--- START ---

Lemma eventually_conj_poisson_close d eps : 0 < d -> 0 < eps ->
  at_left 1 (fun r => forall u, d <= u <= 1 - d ->
    Rabs (g u * cot (PI * u) - g u * conj_poisson r (2 * PI * u)) <= eps).
Proof.
  intros Hd Heps. set (s := 2 / 3 * d). set (B' := Rabs B + 1).
  assert (Hs : 0 < s) by (unfold s; lra).
  assert (Hs0 : 0 < s ^ 2) by (apply pow_lt; lra).
  assert (HB' : 0 < B') by (unfold B'; pose proof (Rabs_pos B); lra).
  set (delta := Rmin (1 / 2) (2 * s ^ 2 * eps / B')).
  assert (Hdelta : 0 < delta <= 1 / 2).
  { split; [|apply Rmin_l]. apply Rmin_glb_lt; [lra|].
    apply Rdiv_lt_0_compat; [apply Rmult_lt_0_compat|]; lra. }
  assert (Hdelta' : delta <= 2 * s ^ 2 * eps / B') by apply Rmin_r.
  apply (filter_imp (fun r => 1 - delta < r < 1)); [|apply at_left_1_between; lra].
  intros r Hr u Hu.
  assert (Hsin : s <= sin (PI * u)).
  { eapply Rle_trans; [|apply sin_PI_ge; lra]. unfold s.
    apply Rmult_le_compat_l; [lra|]. apply Rmin_glb; lra. }
  assert (Hs2 : s ^ 2 <= sin (PI * u) ^ 2) by (apply pow_incr; lra).
  rewrite mul_conj_poisson_eq by lra.
  replace (_ - _) with (g u * cot (PI * u) * (1 - poisson_weight r (PI * u))) by ring.
  pose proof (poisson_weight_bounds r (PI * u) ltac:(lra)).
  pose proof (one_sub_poisson_weight_le r (PI * u) ltac:(lra) ltac:(nra)).
  rewrite Rabs_mult, (Rabs_right (1 - _)) by lra.
  pose proof (HB u ltac:(lra)). pose proof (Rle_abs B).
  pose proof (Rabs_pos (g u * cot (PI * u))).
  apply Rle_trans with (B' * ((1 - r) / (2 * s ^ 2))).
  - apply Rmult_le_compat; try (unfold B'; lra).
    apply Rle_trans with ((1 - r) / (2 * sin (PI * u) ^ 2)); [lra|].
    apply Rmult_le_compat_l; [lra|]. apply Rinv_le_contravar; lra.
  - apply (Rmult_le_reg_r (2 * s ^ 2 / B')); [apply Rdiv_lt_0_compat; lra|].
    replace (B' * ((1 - r) / (2 * s ^ 2)) * (2 * s ^ 2 / B')) with (1 - r) by (field; lra).
    replace (eps * (2 * s ^ 2 / B')) with (2 * s ^ 2 * eps / B') by (field; lra).
    lra.
Qed.

End ConjPoissonRegularization.

Lemma RInt_conj_poisson_lim (g : R -> R) (y : nat -> R) :
  (forall u, continuous g u) ->
  (forall n, is_RInt (fun u => g u * sin (2 * PI * INR n * u)) 0 1 (y n)) ->
  ex_series (fun n => Rabs (y n)) ->
  filterlim (fun r => RInt (fun u => g u * conj_poisson r (2 * PI * u)) 0 1)
    (at_left 1) (locally (2 * Series y)).
Proof.
  intros Hg Hy Hys.
  apply (filterlim_ext_loc (fun r => 2 * PSeries y r)).
  - apply (filter_imp (fun r => 0 < r < 1)); [|apply at_left_1_between; lra].
    intros r Hr.
    rewrite (is_pseries_unique y r (RInt (fun u => g u * conj_poisson r (2 * PI * u)) 0 1 / 2)).
    + field.
    + apply is_pseries_Reals, infinite_sum_RInt_conj_poisson; auto; lra.
  - apply (filterlim_comp _ _ _ (PSeries y) (fun x => 2 * x) _ (locally (Series y))).
    + now apply PSeries_at_left_1.
    + exact (filterlim_scal_r (K := R_AbsRing) (V := R_NormedModule) 2 (Series y)).
Qed.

--- END ---

▸ **TASK**
List every line in the records above that contains the word "rewrite".

▸ **SOLUTION TO THIS TASK**
  rewrite mul_conj_poisson_eq by lra.
  rewrite Rabs_mult, (Rabs_right (1 - _)) by lra.
    rewrite (is_pseries_unique y r (RInt (fun u => g u * conj_poisson r (2 * PI * u)) 0 1 / 2)).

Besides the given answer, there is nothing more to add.